Re: performance hit for replication

From

"Dave Page"

Date:

13 April 2005, 05:03:02


> -----Original Message-----
> From: pgsql-performance-owner@postgresql.org
> [mailto:pgsql-performance-owner@postgresql.org] On Behalf Of
> Matthew Nuzum
> Sent: 12 April 2005 17:25
> To: pgsql-performance@postgresql.org
> Subject: [PERFORM] performance hit for replication
>
> So, my question is this: My server currently works great,
> performance wise.
> I need to add fail-over capability, but I'm afraid that introducing a
> stressful task such as replication will hurt my server's
> performance. Is
> there any foundation to my fears? I don't need to replicate
> the archived log
> data because I can easily restore that in a separate step
> from the nightly
> backup if disaster occurs. Also, my database load is largely
> selects.

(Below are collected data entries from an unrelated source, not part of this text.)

Lemma initial_ideal_restrict (W : ('I_N -> k) -> Prop) (R : pred nat) f m :
  (forall v, W v -> forall i : 'I_N, ~~ R i -> v i = 0) ->
  vanishing_ideal W f -> is_lead_mono lt f m ->
  (forall i : 'I_N, ~~ R i -> m i = 0%N) ->
  initial_ideal lt (fun g => vanishing_ideal W g /\ in_vars R g) 'X_[m].
Proof.
move=> W_R fW lead_m m_R.
pose P (m' : 'X_{1..N}) := [forall i : 'I_N, ~~ R i ==> (m' i == 0%N)].
apply: (initial_ideal_lead (f := mtrunc P f)); last first.
  by apply: is_lead_mono_mtrunc lead_m _; apply/forallP => i; apply/implyP => /m_R ->.
split=> [v Wv|m' i]; last first.
  rewrite msupp_mtrunc => /andP[/forallP/(_ i) Pm' _] m'i_gt0.
  by apply: contraLR Pm' => nRi; rewrite nRi -lt0n.
rewrite meval_mtrunc ?fW // => m' _ /forallPn[i]; rewrite negb_imply -lt0n.
by case/andP=> nRi m'i_gt0; apply: mevalX_eq0 m'i_gt0; apply: W_R.
Qed.

End InitialIdeals.

Section Decomposition.
Variables (k : fieldType) (n l : nat) (Y Z : ('I_n.+1 -> k) -> Prop).
Variable lt : rel 'X_{1..n.+1}.
Hypothesis Y_low0 : forall v, Y v -> forall i : 'I_n.+1, (i < l)%N -> v i = 0.
Hypothesis Z_high0 : forall v, Z v -> forall i : 'I_n.+1, (l < i)%N -> v i = 0.

Let IX f := vanishing_ideal Y f /\ vanishing_ideal Z f.
Let inY :=
  initial_ideal lt (fun f => vanishing_ideal Y f /\ in_vars (fun i => l <= i)%N f).
Let inZ :=
  initial_ideal lt (fun f => vanishing_ideal Z f /\ in_vars (fun i => i <= l)%N f).
Let T : {mpoly k[n.+1]} -> Prop :=
  ideal_mul (var_ideal (fun i => i < l)%N) (var_ideal (fun i => l < i)%N).

Lemma initial_ideal_sub_sum f :
  initial_ideal lt IX f -> ideal_add (ideal_add inY inZ) T f.
Proof.
have [idY idZ idT] : [/\ is_ideal inY, is_ideal inZ & is_ideal T].
  by split; apply: ideal_gen_ideal.
move=> inXf; apply: inXf => [|_ [g [m [[gY gZ] lead_m ->]]]].
  by do 2?apply: ideal_add_ideal.
have [/existsP[i /andP[il mi_gt0]] | /existsPn m_low0] :=
  boolP [exists i : 'I_n.+1, (i < l)%N && (0 < m i)%N].
  have [/existsP[j /andP[lj mj_gt0]] | /existsPn m_high0] :=
    boolP [exists j : 'I_n.+1, (l < j)%N && (0 < m j)%N].
    apply: ideal_addr; first exact: ideal_add_ideal.
    apply: (@mpolyX_in_mul_var_ideal _ _ (fun i => i < l)%N (fun i => l < i)%N _ i j)
      => //.
    by rewrite -val_eqE neq_ltn /= (ltn_trans il lj).
  apply: ideal_addl => //; apply: ideal_addr => //.
  apply: (initial_ideal_restrict (R := fun i => (i <= l)%N) _ gZ lead_m) => [v Zv j|j].
    by rewrite -ltnNge; apply: Z_high0.
  by rewrite -ltnNge => lj; move: (m_high0 j); rewrite lj lt0n negbK => /eqP.
apply: ideal_addl => //; apply: ideal_addl => //.
apply: (initial_ideal_restrict (R := fun i => (l <= i)%N) _ gY lead_m) => [v Yv i|i].
  by rewrite -ltnNge; apply: Y_low0.
by rewrite -ltnNge => il; move: (m_low0 i); rewrite il lt0n negbK => /eqP.
Qed.

Hypotheses (pchar_k0 : [pchar k] =i pred0).
Hypotheses (projY : proj_closed Y) (projZ : proj_closed Z).
Variable p : 'I_n.+1 -> k.
Hypotheses (Yp : Y p) (Zp : Z p).

Lemma sum_sub_initial_ideal f :
  ideal_add (ideal_add inY inZ) T f -> initial_ideal lt IX f.
Proof.
have p_axis (i : 'I_n.+1) : i != l :> nat -> p i = 0.
  by case: ltngtP => // [il|li] _; [apply: Y_low0 | apply: Z_high0].
have idX : is_ideal (initial_ideal lt IX) := ideal_gen_ideal _.
apply: (ideal_add_min idX) f; first apply: (ideal_add_min idX).
- apply: initial_ideal_sub => g [gY g_high]; split=> //.
  have Z_axis v : Z v -> forall i : 'I_n.+1, (l <= i)%N -> i != l :> nat -> v i = 0.
    by move=> Zv i li il; apply: Z_high0; rewrite // ltn_neqAle eq_sym il.
  exact (vanishing_transfer pchar_k0 projY Yp p_axis Z_axis gY g_high).
- apply: initial_ideal_sub => g [gZ g_low]; split=> //.
  have Y_axis v : Y v -> forall i : 'I_n.+1, (i <= l)%N -> i != l :> nat -> v i = 0.
    by move=> Yv i il li; apply: Y_low0; rewrite // ltn_neqAle li.
  exact (vanishing_transfer pchar_k0 projZ Zp p_axis Y_axis gZ g_low).
apply: (ideal_mul_gen_min idX) => _ _ [i [il ->]] [j [lj ->]].
have : IX ('X_i * 'X_j).
  split=> v Wv; rewrite mevalM !mevalXU.
    by rewrite (Y_low0 Wv il) mul0r.
  by rewrite (Z_high0 Wv lj) mulr0.
rewrite -mpolyXD => IX_X.
exact (initial_ideal_lead IX_X (is_lead_mono_mpolyX _ lt _)).
Qed.

End Decomposition.

Unset Implicit Arguments.

Theorem lemma3p1 (k : closedFieldType) (n l : nat)
  (Y Z : ('I_n.+1 -> k) -> Prop) (lt : rel 'X_{1..n.+1}) :
  [pchar k] =i pred0 ->
  (0 < l < n)%N ->
  proj_closed Y -> proj_closed Z ->
  (forall v, Y v -> forall i : 'I_n.+1, (i < l)%N -> v i = 0) ->
  (forall v, Z v -> forall i : 'I_n.+1, (l < i)%N -> v i = 0) ->
  (exists v, Y v /\ Z v) ->
  monomial_order lt ->
  let IY := vanishing_ideal Y in
  let IZ := vanishing_ideal Z in
  let IX := fun f => IY f /\ IZ f in
  let T := ideal_mul
             (ideal_gen (fun f => exists i : 'I_n.+1, (i < l)%N /\ f = 'X_i))
             (ideal_gen (fun f => exists i : 'I_n.+1, (l < i)%N /\ f = 'X_i)) in
  let inY := initial_ideal lt (fun f => IY f /\ in_vars (fun i => l <= i)%N f) in
  let inZ := initial_ideal lt (fun f => IZ f /\ in_vars (fun i => i <= l)%N f) in
  forall f, initial_ideal lt IX f <-> ideal_add (ideal_add inY inZ) T f.
Proof.
move=> pchar_k0 _ projY projZ Y_low0 Z_high0 [p [Yp Zp]] _ IY IZ IX T inY inZ f.
split; first exact: initial_ideal_sub_sum.
exact: (sum_sub_initial_ideal Y_low0 Z_high0 pchar_k0 projY projZ Yp Zp).
Qed.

My
> application works great with PostgreSQL 7.3 and 7.4, but I'm
> currently using
> 7.3.

If it's possible to upgrade to 8.0 then perhaps you could make use of
PITR and continuously ship log files to your standby machine.

http://www.postgresql.org/docs/8.0/interactive/backup-online.html

I can't help further with this as I've yet to give it a go myself, but
others here may have tried it.

Regards, Dave.